>>>
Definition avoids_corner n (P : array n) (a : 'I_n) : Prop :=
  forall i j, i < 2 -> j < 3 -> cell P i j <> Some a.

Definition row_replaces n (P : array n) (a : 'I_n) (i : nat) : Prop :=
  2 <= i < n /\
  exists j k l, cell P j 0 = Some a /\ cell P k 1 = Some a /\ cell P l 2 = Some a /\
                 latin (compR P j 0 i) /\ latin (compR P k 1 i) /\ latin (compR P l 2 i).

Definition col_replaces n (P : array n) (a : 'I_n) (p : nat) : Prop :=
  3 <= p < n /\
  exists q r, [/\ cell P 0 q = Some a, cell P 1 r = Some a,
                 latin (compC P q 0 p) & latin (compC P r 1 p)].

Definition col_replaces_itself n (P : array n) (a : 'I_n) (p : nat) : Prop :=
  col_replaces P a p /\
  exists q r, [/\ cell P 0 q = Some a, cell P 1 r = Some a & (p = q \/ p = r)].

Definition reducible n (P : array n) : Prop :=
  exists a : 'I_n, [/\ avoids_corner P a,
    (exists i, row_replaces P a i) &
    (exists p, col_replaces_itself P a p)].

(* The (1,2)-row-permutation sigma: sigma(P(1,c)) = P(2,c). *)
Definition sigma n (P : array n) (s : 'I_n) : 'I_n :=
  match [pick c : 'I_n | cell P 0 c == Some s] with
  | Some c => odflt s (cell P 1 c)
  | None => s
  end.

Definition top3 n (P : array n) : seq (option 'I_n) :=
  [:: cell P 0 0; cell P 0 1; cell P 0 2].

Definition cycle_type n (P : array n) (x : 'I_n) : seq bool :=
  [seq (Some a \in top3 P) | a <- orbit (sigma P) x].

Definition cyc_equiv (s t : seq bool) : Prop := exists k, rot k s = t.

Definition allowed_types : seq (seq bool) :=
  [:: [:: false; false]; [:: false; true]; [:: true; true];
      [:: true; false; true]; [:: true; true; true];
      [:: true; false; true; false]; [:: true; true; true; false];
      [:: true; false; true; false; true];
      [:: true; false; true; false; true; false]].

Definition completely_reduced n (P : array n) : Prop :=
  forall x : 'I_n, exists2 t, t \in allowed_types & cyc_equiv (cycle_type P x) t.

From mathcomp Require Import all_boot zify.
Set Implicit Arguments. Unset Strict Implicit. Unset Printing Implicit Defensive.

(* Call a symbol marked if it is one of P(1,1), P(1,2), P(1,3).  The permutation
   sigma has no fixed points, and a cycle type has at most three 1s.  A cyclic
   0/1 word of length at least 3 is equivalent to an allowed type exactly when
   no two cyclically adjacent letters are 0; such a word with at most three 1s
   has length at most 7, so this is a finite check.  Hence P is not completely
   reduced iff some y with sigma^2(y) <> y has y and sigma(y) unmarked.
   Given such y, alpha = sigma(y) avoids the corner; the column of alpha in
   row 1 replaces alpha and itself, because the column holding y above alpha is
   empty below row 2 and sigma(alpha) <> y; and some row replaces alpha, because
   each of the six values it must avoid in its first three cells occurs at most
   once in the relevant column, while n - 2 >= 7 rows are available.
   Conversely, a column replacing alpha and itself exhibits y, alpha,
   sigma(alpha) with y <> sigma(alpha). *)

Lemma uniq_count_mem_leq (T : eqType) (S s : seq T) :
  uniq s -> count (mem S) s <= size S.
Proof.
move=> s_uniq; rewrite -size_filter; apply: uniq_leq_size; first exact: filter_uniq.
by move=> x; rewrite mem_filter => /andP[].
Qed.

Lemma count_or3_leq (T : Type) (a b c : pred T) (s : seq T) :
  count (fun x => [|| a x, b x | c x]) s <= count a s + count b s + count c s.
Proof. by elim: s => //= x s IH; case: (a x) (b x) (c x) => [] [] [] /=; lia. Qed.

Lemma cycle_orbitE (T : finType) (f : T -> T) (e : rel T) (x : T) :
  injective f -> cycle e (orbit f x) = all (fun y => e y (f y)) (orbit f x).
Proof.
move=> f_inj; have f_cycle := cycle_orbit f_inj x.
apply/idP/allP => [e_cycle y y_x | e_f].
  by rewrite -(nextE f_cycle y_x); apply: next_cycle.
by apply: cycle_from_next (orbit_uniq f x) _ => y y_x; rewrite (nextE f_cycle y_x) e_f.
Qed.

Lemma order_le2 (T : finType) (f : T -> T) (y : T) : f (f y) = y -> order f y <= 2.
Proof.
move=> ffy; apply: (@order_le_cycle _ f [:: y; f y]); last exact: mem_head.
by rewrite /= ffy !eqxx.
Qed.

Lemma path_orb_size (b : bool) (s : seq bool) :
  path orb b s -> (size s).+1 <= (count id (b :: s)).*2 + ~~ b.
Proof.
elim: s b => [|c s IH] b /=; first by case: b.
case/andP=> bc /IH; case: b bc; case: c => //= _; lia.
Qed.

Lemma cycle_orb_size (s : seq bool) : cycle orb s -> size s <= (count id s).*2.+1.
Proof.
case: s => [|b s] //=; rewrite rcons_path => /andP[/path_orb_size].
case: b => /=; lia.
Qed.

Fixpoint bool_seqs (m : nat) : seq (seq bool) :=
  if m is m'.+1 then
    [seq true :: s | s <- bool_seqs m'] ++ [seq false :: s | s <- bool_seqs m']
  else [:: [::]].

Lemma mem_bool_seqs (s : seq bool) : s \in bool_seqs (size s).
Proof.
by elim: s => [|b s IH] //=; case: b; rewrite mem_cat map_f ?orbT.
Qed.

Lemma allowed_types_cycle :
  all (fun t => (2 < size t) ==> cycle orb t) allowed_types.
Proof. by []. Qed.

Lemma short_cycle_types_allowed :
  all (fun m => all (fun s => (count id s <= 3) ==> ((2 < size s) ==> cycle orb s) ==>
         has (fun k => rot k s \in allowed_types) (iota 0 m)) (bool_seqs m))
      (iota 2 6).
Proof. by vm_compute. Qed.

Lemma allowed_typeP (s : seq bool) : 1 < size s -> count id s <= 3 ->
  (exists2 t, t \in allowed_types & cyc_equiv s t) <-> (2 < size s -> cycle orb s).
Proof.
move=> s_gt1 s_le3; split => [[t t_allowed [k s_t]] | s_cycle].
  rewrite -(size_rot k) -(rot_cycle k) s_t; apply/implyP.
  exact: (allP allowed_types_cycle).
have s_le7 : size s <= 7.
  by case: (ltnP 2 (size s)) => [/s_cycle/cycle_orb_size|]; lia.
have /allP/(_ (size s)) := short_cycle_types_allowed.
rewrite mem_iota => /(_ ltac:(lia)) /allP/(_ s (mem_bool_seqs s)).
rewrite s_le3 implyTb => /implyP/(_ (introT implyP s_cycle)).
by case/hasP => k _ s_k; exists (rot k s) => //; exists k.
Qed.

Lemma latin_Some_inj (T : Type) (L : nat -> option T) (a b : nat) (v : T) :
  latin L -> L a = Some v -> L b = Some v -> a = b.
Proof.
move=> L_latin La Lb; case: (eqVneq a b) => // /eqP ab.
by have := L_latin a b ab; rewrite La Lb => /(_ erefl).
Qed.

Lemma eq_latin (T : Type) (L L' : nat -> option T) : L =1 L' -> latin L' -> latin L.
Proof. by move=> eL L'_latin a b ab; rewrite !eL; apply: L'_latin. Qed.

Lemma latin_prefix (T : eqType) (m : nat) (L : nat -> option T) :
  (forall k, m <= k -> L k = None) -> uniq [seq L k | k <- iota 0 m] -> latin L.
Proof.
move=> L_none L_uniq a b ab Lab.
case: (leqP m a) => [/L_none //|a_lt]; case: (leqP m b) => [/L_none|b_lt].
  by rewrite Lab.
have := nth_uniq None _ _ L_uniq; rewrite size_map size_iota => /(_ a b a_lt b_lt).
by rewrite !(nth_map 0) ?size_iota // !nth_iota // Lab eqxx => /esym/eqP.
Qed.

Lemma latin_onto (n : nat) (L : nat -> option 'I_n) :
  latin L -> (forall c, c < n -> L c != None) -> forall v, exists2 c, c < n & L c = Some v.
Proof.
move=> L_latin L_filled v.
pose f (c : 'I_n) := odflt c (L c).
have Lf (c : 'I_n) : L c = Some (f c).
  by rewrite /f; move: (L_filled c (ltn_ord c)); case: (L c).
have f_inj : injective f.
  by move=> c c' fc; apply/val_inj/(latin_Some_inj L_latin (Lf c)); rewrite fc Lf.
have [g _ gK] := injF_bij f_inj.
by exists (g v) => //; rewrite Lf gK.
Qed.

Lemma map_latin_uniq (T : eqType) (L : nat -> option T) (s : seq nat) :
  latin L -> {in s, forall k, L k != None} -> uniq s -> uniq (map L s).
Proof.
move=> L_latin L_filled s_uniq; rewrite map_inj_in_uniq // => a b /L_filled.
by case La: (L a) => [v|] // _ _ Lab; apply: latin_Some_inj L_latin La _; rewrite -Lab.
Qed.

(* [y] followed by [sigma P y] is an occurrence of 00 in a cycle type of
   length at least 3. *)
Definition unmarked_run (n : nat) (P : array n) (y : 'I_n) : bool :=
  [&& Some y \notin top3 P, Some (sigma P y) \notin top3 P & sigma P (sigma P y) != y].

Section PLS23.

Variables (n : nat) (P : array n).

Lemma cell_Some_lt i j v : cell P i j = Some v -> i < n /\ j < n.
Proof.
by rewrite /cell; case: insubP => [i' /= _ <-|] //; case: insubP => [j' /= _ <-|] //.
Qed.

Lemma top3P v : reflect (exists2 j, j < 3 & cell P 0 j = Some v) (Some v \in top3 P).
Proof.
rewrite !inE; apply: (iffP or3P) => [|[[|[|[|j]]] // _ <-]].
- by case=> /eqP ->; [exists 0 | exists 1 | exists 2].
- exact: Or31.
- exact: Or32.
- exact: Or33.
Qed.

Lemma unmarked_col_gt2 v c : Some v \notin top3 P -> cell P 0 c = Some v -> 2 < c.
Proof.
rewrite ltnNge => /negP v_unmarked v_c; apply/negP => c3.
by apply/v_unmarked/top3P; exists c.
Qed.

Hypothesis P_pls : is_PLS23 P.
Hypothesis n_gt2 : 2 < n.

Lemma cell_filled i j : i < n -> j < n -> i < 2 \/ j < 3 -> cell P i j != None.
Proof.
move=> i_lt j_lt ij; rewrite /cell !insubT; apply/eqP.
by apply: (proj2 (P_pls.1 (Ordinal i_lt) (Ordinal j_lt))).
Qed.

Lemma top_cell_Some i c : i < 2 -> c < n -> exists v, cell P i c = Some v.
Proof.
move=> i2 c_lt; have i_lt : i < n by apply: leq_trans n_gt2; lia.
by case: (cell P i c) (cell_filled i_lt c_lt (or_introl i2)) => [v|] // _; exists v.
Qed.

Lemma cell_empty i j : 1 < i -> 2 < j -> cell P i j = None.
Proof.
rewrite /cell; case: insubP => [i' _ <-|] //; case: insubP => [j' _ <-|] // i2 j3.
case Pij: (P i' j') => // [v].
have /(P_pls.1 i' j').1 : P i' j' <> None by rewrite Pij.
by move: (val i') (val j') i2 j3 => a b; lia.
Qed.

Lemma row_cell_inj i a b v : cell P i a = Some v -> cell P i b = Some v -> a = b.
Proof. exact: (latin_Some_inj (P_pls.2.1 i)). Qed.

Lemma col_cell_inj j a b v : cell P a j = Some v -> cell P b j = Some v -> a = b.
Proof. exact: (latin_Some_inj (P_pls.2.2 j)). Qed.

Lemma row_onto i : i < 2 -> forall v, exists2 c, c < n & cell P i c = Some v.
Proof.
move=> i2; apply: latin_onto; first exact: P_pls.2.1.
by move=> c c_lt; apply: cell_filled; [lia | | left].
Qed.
<<<
Task statement: When a line in the data holds the word "least", show that line.

Result of this exercise:
   0/1 word of length at least 3 is equivalent to an allowed type exactly when
   length at least 3. *)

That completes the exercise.